Recent Trends in Real Goods Spending

During the last economic expansion prior to the pandemic, real monthly spending on goods averaged 3.5% growth year-over-year. During the last 6 months, real goods spending grew an average of 2.7% when compared to year-ago levels with March 2024’s spending growth coming in right in line with the longer-term average growth. Additionally, those increases in spending over the last 6 months are being observed across both durable and nondurable goods. Real spending figures are important indicators for freight market activity because they eliminate the influence of inflation and isolate changes in the quantity of goods being purchased. This, in turn, provides insights into future changes in freight demand.

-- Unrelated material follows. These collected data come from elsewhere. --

(* ($I\Sigma_1$) Let $X\subseteq\mathbb{N}$ be finite, $\omega^{n+3}$-large and $\omega^3$-sparse, and let $c\in\mathbb{N}$ with $c\le\min X$. Then $X$ admits an $(\omega^n,c)$-grouping for $\min X$ colors.
   Context: $\alpha$-largeness for $\alpha<\omega^\omega$: writing ordinals in Cantor normal form, $0[m]=0$, $(\beta+1)[m]=\beta$, $(\beta+\omega^n)[m]=\beta+\omega^{n-1}\cdot m$ for $n\ge1$; a finite $\{x_0<\dots<x_{\ell-1}\}$ is $\alpha$-large if $\alpha[x_0]\cdots[x_{\ell-1}]=0$ (so for a natural number $c$, $c$-large means having at least $c$ elements). $X$ is \emph{$\alpha$-sparse} if $\min X>3$ and for all $x<y$ in $X$ the interval $[x,y)$ is $\alpha$-large. For $P:[X]^2\to\{0,\dots,\min X-1\}$, a finite sequence $\langle F_i\subseteq X:i<l\rangle$ is an \emph{$(\alpha,\beta)$-grouping for $P$} if $\max F_i<\min F_j$ for $i<j$, each $F_i$ is $\alpha$-large, $\{\max F_i:i<l\}$ is $\beta$-large, and $P(x,y)=P(x',y')$ whenever $i<j<l$, $x,x'\in F_i$, $y,y'\in F_j$. $X$ \emph{admits an $(\alpha,\beta)$-grouping for $k$ colors} if every $P:[X]^2\to\{0,\dots,k-1\}$ has one. *)

From mathcomp Require Import all_boot.
Set Implicit Arguments. Unset Strict Implicit. Unset Printing Implicit Defensive.

(* Ordinals below omega^omega in Cantor normal form
     alpha = omega^(e_k) + ... + omega^(e_1),  e_k >= ... >= e_1,
   are represented by the list of exponents in REVERSED order
   [:: e_1; ...; e_k] (smallest, i.e. last CNF term, first). *)
Definition cnf := seq nat.

Definition cnf_zero : cnf := [::].
Definition omega_pow (n : nat) : cnf := [:: n].
Definition nat_cnf (c : nat) : cnf := nseq c 0.

(* Fundamental sequence:
   0[m] = 0, (beta+1)[m] = beta, (beta + omega^(n+1))[m] = beta + omega^n * m. *)
Definition fund (a : cnf) (m : nat) : cnf :=
  match a with
  | [::] => [::]
  | 0 :: b => b
  | e.+1 :: b => nseq m e ++ b
  end.

Definition fin_set (X : seq nat) : bool := sorted ltn X.
Definition minX (X : seq nat) : nat := head 0 X.
Definition maxX (X : seq nat) : nat := last 0 X.

Definition large (a : cnf) (X : seq nat) : bool :=
  foldl fund a X == cnf_zero.

Definition interval_co (x y : nat) : seq nat := iota x (y - x).

Definition sparse (a : cnf) (X : seq nat) : bool :=
  (3 < minX X) &&
  all (fun x => all (fun y => (x < y) ==> large a (interval_co x y)) X) X.

Definition grouping (a b : cnf) (X : seq nat) (P : nat -> nat -> nat)
    (F : seq (seq nat)) : Prop :=
  [/\ (forall i, i < size F ->
         [/\ fin_set (nth [::] F i), {subset nth [::] F i <= X} &
             large a (nth [::] F i)]),
      (forall i j, i < j -> j < size F ->
         maxX (nth [::] F i) < minX (nth [::] F j)),
      large b (map maxX F) &
      (forall i j, i < j -> j < size F ->
         forall x x' y y', x \in nth [::] F i -> x' \in nth [::] F i ->
           y \in nth [::] F j -> y' \in nth [::] F j -> P x y = P x' y')].

Definition admits_grouping (a b : cnf) (k : nat) (X : seq nat) : Prop :=
  forall P : nat -> nat -> nat,
    (forall x y, x \in X -> y \in X -> x < y -> P x y < k) ->
    exists F : seq (seq nat), grouping a b X P F.

(* Write X = m :: X'.  Then X' is ω^(n+2)·m-large, so it contains c consecutive
   ω^(n+2)-large pieces Z = z :: Z'.  In each piece we find a block that is
   ω^n·m^m-large and end-homogeneous: P h _ is constant on it for every h before
   Z.  This uses the pigeonhole principle for k-coloured ω^e·(k·t)-large sets
   (proved with natural sums), applied to the m^|pre| vectors (P h y)_h; there are
   at most z of them because ω^3-sparseness gives z ≥ p^(p+1) for the element p
   just before z.  Finally each block B is thinned, by c more pigeonholes with m
   colours, so that P _ (min B') is constant on it for every later block B';
   end-homogeneity of B' then makes P constant on B × B'. *)

From mathcomp Require Import all_boot zify.
Set Implicit Arguments. Unset Strict Implicit. Unset Printing Implicit Defensive.

Lemma foldl_fund0 s : foldl fund [::] s = [::].
Proof. by elim: s. Qed.

Lemma large0 s : large [::] s.
Proof. by rewrite /large foldl_fund0. Qed.

Lemma large_nil a : large a [::] = (a == [::]).
Proof. by []. Qed.

Lemma large_cons a x s : large a (x :: s) = large (fund a x) s.
Proof. by []. Qed.

Lemma large_catr a s t : large a s -> large a (s ++ t).
Proof. by rewrite /large foldl_cat => /eqP ->; rewrite foldl_fund0. Qed.

Lemma fund_cat a b x : a != [::] -> fund (a ++ b) x = fund a x ++ b.
Proof. by case: a => [|[|e] a] //= _; rewrite catA. Qed.

Lemma fund_cons e a x : fund (e :: a) x = fund [:: e] x ++ a.
Proof. by rewrite -fund_cat. Qed.

(* In the reversed Cantor normal form, [a ++ b] is the ordinal [b + a]. *)
Lemma large_cat_split a b s : large (a ++ b) s ->
  exists s1 s2, [/\ s = s1 ++ s2, large a s1 & large b s2].
Proof.
elim: s a => [|x s IHs] a.
  by case: a => //=; rewrite large_nil => /eqP ->; exists [::], [::].
have [-> Hb|a0] := eqVneq a [::]; first by exists [::], (x :: s).
rewrite large_cons fund_cat // => /IHs [s1 [s2 [-> Ha Hb]]].
by exists (x :: s1), s2.
Qed.

Lemma large_catl a b s : large (a ++ b) s -> large a s.
Proof. by case/large_cat_split=> s1 [s2 [-> Ha _]]; exact: large_catr. Qed.

Lemma large_nseq_leq k k' e s : k <= k' -> large (nseq k' e) s -> large (nseq k e) s.
Proof. by move=> le_kk'; rewrite -(subnKC le_kk') nseqD; exact: large_catl. Qed.

(* [large_cons_min] is proved by strong induction on [size s]: the inductive step
   applies it to prefixes of [s], directly and through the lemmas of this section. *)
Section ConsMin.

Variable N : nat.
Hypothesis large_cons_min_upto : forall s a x,
  size s <= N -> path ltn x s -> large a s -> large a (x :: s).

Lemma large_prepend_upto u v b :
  sorted ltn (u ++ v) -> size (u ++ v) <= N -> large b v -> large b (u ++ v).
Proof.
elim: u => //= y u IHu Hs Hsz Hb; apply: large_cons_min_upto => //; first by lia.
by apply: IHu => //; [exact: path_sorted Hs | lia].
Qed.

Lemma large_dropl_upto p a s : sorted ltn s -> size s <= N -> large (p ++ a) s -> large a s.
Proof.
move=> Hs Hsz /large_cat_split [s1 [s2 [Es _ Ha]]]; subst s.
exact: large_prepend_upto.
Qed.

Lemma large_cat_upto a b s1 s2 : sorted ltn (s1 ++ s2) -> size (s1 ++ s2) <= N ->
  large a s1 -> large b s2 -> large (a ++ b) (s1 ++ s2).
Proof.
elim: s1 a => [|y s1 IHs] a /= Hs Hsz Ha Hb; first by move: Ha; rewrite large_nil => /eqP ->.
have [a0|na] := eqVneq a [::]; first by subst a; exact: (large_prepend_upto (u := y :: s1)).
rewrite large_cons fund_cat //; apply: IHs => //; [exact: path_sorted Hs | lia].
Qed.

Lemma large_cons_min_step s a x :
  size s <= N.+1 -> path ltn x s -> large a s -> large a (x :: s).
Proof.
case: s => [|w W] Hsz; first by move=> _; rewrite large_nil => /eqP ->; exact: large0.
have HszW : size W <= N by move: Hsz => /=; lia.
move=> Hp; have /andP [lt_xw HW] : (x < w) && path ltn w W := Hp; clear Hp.
rewrite !large_cons.
have HsW := path_sorted HW.
case: a => [|[|e] g] // Ha; first by rewrite -large_cons; exact: large_cons_min_upto.
case: x lt_xw => [|x] lt_xw.
  by rewrite -large_cons; apply: large_cons_min_upto => //; exact: large_dropl_upto Ha.
have {Ha} : large ([:: e] ++ nseq w.-1 e ++ g) W by clear -Ha lt_xw; case: w lt_xw Ha.
case/large_cat_split=> W1 [W2 [EW He Hw]]; subst W.
move: HW HszW; rewrite cat_path size_cat => /andP [HW1 _] HszW.
rewrite [fund (e.+1 :: g) _]/= fund_cons; apply: large_cat_upto => //.
- by rewrite -large_cons; apply: large_cons_min_upto => //; lia.
- rewrite -(subnK (_ : x <= w.-1)) ?nseqD -?catA in Hw; last by lia.
  by apply: large_dropl_upto Hw; [case/cat_sorted2: HsW | lia].
Qed.

End ConsMin.

Lemma large_cons_min s a x : path ltn x s -> large a s -> large a (x :: s).
Proof.
elim: (size s) {-2}s (leqnn (size s)) a x => [|N IHN] t Ht a x.
  by case: t Ht => // _ _; rewrite large_nil => /eqP ->; exact: large0.
by apply: large_cons_min_step Ht => u b y Hu; exact: IHN.
Qed.

Lemma large_dropl p a s : sorted ltn s -> large (p ++ a) s -> large a s.
Proof. by move=> Hs; apply: large_dropl_upto (leqnn _) => // t b x _; exact: large_cons_min. Qed.

Lemma large_cat a b s1 s2 : sorted ltn (s1 ++ s2) ->
  large a s1 -> large b s2 -> large (a ++ b) (s1 ++ s2).
Proof. by move=> Hs; apply: large_cat_upto (leqnn _) => // t c x _; exact: large_cons_min. Qed.

Lemma large_exp_leq e e' s : e <= e' -> sorted ltn s -> large [:: e'] s -> large [:: e] s.
Proof.
move=> + Hs; elim: e' => [|e' IHe']; first by rewrite leqn0 => /eqP ->.
rewrite leq_eqVlt ltnS => /predU1P [-> //|le_ee'] He'; apply: IHe' => //.
case: s Hs He' => [|w s] // Hs; rewrite large_cons => He'.
case: w Hs He' => [|w] Hs He'; first by rewrite large_cons; case: (e') => *; exact: large0.
have /large_catl : large ([:: e'] ++ nseq w e' ++ [::]) s := He'.
exact: large_cons_min.
Qed.

Lemma large_shift x s y t W : path leq x (rcons s y) -> sorted ltn W ->
  large (rcons s y ++ t) W -> large (x :: s ++ t) W.
Proof.
elim: s x W => [|z s IHs] x W /=.
  rewrite andbT => le_xy HW /(large_cat_split (a := [:: y])) [W1 [W2 [EW H1 H2]]].
  subst W; apply: (large_cat (a := [:: x])) => //.
  by apply: large_exp_leq H1 => //; case/cat_sorted2: HW.
case/andP=> le_xz Hz HW /(large_cat_split (a := [:: z])) [W1 [W2 [EW H1 H2]]].
subst W; have [HW1 HW2] := cat_sorted2 HW.
by apply: (large_cat (a := [:: x])); [|exact: large_exp_leq H1|exact: IHs].
Qed.

Lemma large_nseq0 k s : large (nseq k 0) s = (k <= size s).
Proof.
elim: s k => [|y s IHs] [|k] //=; first exact: large0.
by rewrite large_cons IHs.
Qed.

Lemma large_iota_cat_split a b s L : large (a ++ b) (iota s L) ->
  exists2 L1, L1 <= L & large a (iota s L1) /\ large b (iota (s + L1) (L - L1)).
Proof.
case/large_cat_split=> s1 [s2 [E H1 H2]].
have le_s1L : size s1 <= L by rewrite -(size_iota s L) E size_cat leq_addr.
exists (size s1) => //; split.
  by move/(congr1 (take (size s1))): E; rewrite take_size_cat // take_iota (minn_idPl le_s1L) => ->.
by move/(congr1 (drop (size s1))): E; rewrite drop_size_cat // drop_iota => ->.
Qed.

Lemma large_omega_mul_iota k s L : large (nseq k 1) (iota s L) -> 2 ^ k * s <= s + L.
Proof.
elim: k s L => [|k IHk] s L; first by rewrite mul1n leq_addr.
rewrite [nseq _ _]/= -cat1s => /large_iota_cat_split [L1 le_L1L [H1 /IHk]].
case: L1 le_L1L H1 => [|L1] //= le_L1L.
rewrite large_cons [fund _ _]/= cats0 large_nseq0 size_iota => H1.
rewrite expnS -mulnA; move: (2 ^ k) => q; nia.
Qed.

Lemma large_omega2_iota s L : large [:: 2] (iota s L) -> 2 ^ s * s.+1 <= s + L.
Proof.
case: L => [|L] //; rewrite [iota s _]/= large_cons [fund _ _]/= cats0.
by move=> /large_omega_mul_iota; lia.
Qed.

Lemma large_omega3_iota p L : 2 <= p -> large [:: 3] (iota p L) -> p ^ p.+1 <= p + L.
Proof.
case: L => [|L] // le2p; rewrite [iota p _]/= large_cons [fund _ _]/= cats0.
have -> : nseq p 2 = ([:: 2] ++ [:: 2]) ++ nseq (p - 2) 2 by rewrite -{1}(subnKC le2p).
move=> /large_catl /large_iota_cat_split [L1 le_L1L [/large_omega2_iota H1]].
move=> /large_omega2_iota H2.
set s := p.+1 + L1 in H1 H2.
have le_p2 : p ^ p.+1 <= 2 ^ (p * p.+1) by rewrite expnM leq_exp2r // ltnW // ltn_expl.
have le_ps : p * p.+1 <= s.
  apply: leq_trans H1; rewrite leq_mul //.
  by apply: ltnW; apply: ltn_trans (ltn_expl p.+1 (isT : 1 < 2)).
apply: leq_trans le_p2 _; apply: leq_trans (leq_pexp2l (isT : 0 < 2) le_ps) _.
apply: leq_trans (leq_pmulr _ (ltn0Sn s)) _; apply: leq_trans H2 _; lia.
Qed.

Definition nsum (a b : cnf) : cnf := sort leq (a ++ b).

Lemma sorted_nsum a b : sorted leq (nsum a b).
Proof. exact: (sort_sorted leq_total). Qed.

Lemma nsum_eq a b c : sorted leq c -> perm_eq c (a ++ b) -> nsum a b = c.
Proof.
move=> Hc Hp; apply: (sorted_eq leq_trans anti_leq) => //; first exact: sorted_nsum.
by rewrite perm_sort perm_sym.
Qed.

Lemma nsumC a b : nsum a b = nsum b a.
Proof. by apply: nsum_eq; rewrite ?sorted_nsum // perm_sort perm_catC. Qed.

Lemma path_leq_nseq k e : path leq e (nseq k e).
Proof. by elim: k => //= k ->; rewrite leqnn. Qed.

Lemma sorted_nseq k e : sorted leq (nseq k e).
Proof. by case: k => //= k; exact: path_leq_nseq. Qed.

Lemma nsum_nseq k1 k2 e : nsum (nseq k1 e) (nseq k2 e) = nseq (k1 + k2) e.
Proof. by apply: nsum_eq; rewrite ?sorted_nseq // nseqD. Qed.

Lemma path_fund a0 a x : sorted leq (a0 :: a) -> path leq a0.-1 (fund (a0 :: a) x).
Proof.
rewrite /= (path_sortedE leq_trans) => /andP [Ha0 Ha].
case: a0 Ha0 => [|e] Ha0 /=; first by rewrite (path_sortedE leq_trans) Ha andbT; exact/allP.
rewrite cat_path path_leq_nseq (_ : last e (nseq x e) = e); last by elim: x.
rewrite (path_sortedE leq_trans) Ha andbT.
by apply/allP=> f /(allP Ha0); exact: ltnW.
Qed.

Real Goods Spending Growth.png

Impact of Real Wage Gains on Consumer Spending and Freight Volumes

Goods spending has been supported by nearly a year of real wage gains for the average consumer. Real wage gains are experienced when wages increase at a faster pace than prices, typically measured by the consumer price index (CPI). Growth in average hourly earnings fell roughly 0.2 percentage points in April, however, similar declines in headline inflation meant consumers still experienced a 0.5% real wage gain compared to April 2023. One of the keys to healthier economic conditions, and a subsequent rebound in freight volumes, will be the ability of policymakers to bring inflation down while simultaneously maintaining increases in purchasing power for consumers.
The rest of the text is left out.